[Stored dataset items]
================

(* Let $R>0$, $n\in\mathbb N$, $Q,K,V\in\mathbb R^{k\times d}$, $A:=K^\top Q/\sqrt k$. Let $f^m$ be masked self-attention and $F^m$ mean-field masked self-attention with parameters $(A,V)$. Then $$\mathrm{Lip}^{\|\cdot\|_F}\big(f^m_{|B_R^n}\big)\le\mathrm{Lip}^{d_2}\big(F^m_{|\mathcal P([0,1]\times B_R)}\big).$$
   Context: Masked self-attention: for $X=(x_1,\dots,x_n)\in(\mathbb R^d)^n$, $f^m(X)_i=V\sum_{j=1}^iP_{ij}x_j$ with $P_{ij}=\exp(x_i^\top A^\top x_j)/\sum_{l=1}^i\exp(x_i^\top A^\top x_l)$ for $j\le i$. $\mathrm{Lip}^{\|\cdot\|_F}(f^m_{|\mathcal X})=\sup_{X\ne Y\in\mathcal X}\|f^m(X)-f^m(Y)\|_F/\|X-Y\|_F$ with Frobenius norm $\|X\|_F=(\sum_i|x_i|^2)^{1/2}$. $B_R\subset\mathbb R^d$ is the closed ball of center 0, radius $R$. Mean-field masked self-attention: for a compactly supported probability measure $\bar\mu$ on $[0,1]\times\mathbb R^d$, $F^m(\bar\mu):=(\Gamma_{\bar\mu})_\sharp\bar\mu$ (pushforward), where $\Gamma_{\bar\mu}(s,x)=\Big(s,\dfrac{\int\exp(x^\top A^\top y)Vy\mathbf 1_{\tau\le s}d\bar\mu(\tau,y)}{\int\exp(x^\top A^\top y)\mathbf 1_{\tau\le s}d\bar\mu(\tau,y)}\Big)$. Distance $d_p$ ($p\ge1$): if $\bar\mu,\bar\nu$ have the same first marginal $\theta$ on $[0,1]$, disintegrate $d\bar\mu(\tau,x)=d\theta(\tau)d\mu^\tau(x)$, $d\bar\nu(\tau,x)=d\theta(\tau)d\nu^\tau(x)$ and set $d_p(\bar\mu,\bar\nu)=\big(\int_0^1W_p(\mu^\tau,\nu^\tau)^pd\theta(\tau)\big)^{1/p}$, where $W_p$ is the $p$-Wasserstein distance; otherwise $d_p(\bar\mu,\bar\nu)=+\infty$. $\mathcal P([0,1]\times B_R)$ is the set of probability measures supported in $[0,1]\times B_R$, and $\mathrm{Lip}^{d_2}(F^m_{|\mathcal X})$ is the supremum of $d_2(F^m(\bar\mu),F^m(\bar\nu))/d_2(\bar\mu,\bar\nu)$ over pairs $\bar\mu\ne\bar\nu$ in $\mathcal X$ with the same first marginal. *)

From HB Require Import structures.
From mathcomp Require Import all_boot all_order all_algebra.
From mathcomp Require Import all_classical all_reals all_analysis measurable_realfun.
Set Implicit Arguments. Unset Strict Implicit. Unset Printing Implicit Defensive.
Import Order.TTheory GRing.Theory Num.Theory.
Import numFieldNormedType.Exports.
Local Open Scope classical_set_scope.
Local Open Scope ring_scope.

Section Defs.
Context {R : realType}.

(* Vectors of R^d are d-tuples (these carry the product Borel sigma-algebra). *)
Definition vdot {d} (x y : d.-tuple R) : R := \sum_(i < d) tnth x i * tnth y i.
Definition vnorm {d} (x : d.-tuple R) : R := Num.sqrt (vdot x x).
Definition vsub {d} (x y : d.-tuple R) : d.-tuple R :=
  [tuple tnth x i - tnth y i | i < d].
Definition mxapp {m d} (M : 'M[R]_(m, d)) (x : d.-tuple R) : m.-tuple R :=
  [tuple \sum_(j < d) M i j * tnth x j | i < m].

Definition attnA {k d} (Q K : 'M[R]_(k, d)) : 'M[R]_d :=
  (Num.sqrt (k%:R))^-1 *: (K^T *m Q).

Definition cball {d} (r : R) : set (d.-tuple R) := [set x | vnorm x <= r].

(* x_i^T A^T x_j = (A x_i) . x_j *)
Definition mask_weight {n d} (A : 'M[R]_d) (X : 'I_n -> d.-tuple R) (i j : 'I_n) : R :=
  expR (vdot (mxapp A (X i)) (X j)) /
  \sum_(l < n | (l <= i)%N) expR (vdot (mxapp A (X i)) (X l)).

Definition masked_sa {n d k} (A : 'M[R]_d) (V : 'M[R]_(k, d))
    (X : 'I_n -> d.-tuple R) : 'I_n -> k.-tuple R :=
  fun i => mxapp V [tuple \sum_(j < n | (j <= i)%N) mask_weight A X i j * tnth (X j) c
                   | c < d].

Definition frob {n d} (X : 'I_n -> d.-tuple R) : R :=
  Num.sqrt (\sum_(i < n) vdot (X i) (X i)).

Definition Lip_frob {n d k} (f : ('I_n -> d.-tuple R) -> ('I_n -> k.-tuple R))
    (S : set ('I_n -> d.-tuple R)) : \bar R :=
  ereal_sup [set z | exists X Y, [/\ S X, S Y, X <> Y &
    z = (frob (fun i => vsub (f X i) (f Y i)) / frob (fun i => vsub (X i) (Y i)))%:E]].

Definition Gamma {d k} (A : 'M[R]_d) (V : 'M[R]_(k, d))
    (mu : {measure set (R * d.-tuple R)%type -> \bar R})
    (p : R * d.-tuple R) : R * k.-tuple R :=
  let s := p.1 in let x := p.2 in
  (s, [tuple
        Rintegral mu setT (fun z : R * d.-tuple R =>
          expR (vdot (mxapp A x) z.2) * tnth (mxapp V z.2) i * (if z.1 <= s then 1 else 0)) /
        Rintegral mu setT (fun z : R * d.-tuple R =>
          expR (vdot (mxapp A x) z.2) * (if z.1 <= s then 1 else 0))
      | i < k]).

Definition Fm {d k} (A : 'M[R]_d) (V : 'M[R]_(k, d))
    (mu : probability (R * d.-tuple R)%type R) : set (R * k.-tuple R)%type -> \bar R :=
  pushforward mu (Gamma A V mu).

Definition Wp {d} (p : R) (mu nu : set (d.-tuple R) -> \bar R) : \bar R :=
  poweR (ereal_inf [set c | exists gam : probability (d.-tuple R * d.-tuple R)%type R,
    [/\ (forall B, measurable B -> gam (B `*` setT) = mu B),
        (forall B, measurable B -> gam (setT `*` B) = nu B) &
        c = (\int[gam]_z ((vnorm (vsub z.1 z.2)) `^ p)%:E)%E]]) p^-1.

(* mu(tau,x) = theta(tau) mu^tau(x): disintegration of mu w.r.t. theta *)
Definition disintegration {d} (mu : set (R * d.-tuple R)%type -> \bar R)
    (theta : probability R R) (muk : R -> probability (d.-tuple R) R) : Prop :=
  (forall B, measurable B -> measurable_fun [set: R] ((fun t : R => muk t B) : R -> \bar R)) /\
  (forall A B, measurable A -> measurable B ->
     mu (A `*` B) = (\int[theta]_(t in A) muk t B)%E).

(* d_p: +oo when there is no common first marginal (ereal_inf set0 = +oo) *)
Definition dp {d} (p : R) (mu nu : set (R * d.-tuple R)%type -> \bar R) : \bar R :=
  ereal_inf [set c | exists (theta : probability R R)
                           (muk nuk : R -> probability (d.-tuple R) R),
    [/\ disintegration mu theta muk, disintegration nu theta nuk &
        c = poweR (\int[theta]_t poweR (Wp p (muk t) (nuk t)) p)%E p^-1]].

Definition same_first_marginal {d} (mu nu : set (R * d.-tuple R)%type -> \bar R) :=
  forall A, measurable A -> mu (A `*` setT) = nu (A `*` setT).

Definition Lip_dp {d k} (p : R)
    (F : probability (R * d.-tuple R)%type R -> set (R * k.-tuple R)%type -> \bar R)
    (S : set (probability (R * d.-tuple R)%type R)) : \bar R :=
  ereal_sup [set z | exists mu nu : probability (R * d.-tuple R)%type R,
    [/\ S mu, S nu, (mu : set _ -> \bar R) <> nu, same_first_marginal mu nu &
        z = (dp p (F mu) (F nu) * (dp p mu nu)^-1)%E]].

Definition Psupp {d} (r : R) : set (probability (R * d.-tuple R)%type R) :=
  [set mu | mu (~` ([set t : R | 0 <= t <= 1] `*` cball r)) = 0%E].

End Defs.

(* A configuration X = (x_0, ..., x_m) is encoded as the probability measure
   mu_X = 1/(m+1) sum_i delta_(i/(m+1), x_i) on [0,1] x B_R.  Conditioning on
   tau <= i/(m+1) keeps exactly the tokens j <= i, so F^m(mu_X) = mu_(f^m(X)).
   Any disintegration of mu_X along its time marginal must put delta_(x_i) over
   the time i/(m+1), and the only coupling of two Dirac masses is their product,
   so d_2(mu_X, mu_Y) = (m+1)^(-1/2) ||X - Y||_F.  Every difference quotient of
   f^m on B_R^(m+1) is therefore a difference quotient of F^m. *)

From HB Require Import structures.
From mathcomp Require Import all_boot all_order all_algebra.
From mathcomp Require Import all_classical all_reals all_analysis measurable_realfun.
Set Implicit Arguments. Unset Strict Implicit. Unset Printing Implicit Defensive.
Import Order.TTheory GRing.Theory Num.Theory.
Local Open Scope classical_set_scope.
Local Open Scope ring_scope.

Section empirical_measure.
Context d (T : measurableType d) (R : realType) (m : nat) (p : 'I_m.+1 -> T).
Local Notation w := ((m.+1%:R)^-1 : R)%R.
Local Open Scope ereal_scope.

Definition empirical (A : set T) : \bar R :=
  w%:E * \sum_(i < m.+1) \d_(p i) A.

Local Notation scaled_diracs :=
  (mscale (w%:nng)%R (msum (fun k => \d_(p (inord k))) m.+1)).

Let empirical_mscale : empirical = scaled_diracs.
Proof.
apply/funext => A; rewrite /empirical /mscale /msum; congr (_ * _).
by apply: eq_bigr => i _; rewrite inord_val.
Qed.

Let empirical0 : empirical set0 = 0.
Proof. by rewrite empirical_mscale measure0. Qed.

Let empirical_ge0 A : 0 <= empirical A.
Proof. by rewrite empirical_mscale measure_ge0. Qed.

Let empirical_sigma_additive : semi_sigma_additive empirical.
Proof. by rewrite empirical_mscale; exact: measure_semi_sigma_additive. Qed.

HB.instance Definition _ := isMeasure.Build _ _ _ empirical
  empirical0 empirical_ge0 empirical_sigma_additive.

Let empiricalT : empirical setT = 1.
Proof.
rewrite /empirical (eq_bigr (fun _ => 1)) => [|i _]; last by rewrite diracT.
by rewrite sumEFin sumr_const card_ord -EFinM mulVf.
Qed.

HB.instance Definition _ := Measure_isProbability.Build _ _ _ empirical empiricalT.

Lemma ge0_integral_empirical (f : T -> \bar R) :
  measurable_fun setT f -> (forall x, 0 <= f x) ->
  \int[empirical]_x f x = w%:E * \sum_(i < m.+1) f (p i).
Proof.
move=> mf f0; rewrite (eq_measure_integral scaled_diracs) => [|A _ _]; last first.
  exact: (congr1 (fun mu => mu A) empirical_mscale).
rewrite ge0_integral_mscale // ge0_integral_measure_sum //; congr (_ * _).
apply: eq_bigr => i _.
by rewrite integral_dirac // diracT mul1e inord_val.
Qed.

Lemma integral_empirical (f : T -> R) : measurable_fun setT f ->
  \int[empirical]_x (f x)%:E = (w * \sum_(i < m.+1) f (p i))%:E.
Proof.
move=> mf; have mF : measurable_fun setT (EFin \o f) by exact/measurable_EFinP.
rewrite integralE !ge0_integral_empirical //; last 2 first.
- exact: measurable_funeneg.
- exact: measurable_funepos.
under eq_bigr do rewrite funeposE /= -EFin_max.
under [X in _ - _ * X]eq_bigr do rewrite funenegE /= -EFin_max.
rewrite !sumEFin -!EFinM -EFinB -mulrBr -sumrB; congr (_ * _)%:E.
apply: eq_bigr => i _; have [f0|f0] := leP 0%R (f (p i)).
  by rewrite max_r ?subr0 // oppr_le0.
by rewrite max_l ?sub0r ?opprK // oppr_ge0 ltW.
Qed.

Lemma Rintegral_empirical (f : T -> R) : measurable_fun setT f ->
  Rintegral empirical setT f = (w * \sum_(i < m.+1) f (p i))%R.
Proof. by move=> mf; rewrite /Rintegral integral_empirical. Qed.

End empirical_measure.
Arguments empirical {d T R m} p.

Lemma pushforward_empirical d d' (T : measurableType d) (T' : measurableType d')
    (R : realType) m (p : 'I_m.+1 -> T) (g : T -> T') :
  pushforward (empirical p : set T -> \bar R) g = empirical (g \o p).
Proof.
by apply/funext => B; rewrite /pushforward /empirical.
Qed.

================

• Task brief
Look through the data above. Find each line with the string "Section" and copy it.

• The completed task
Section Defs.
Section empirical_measure.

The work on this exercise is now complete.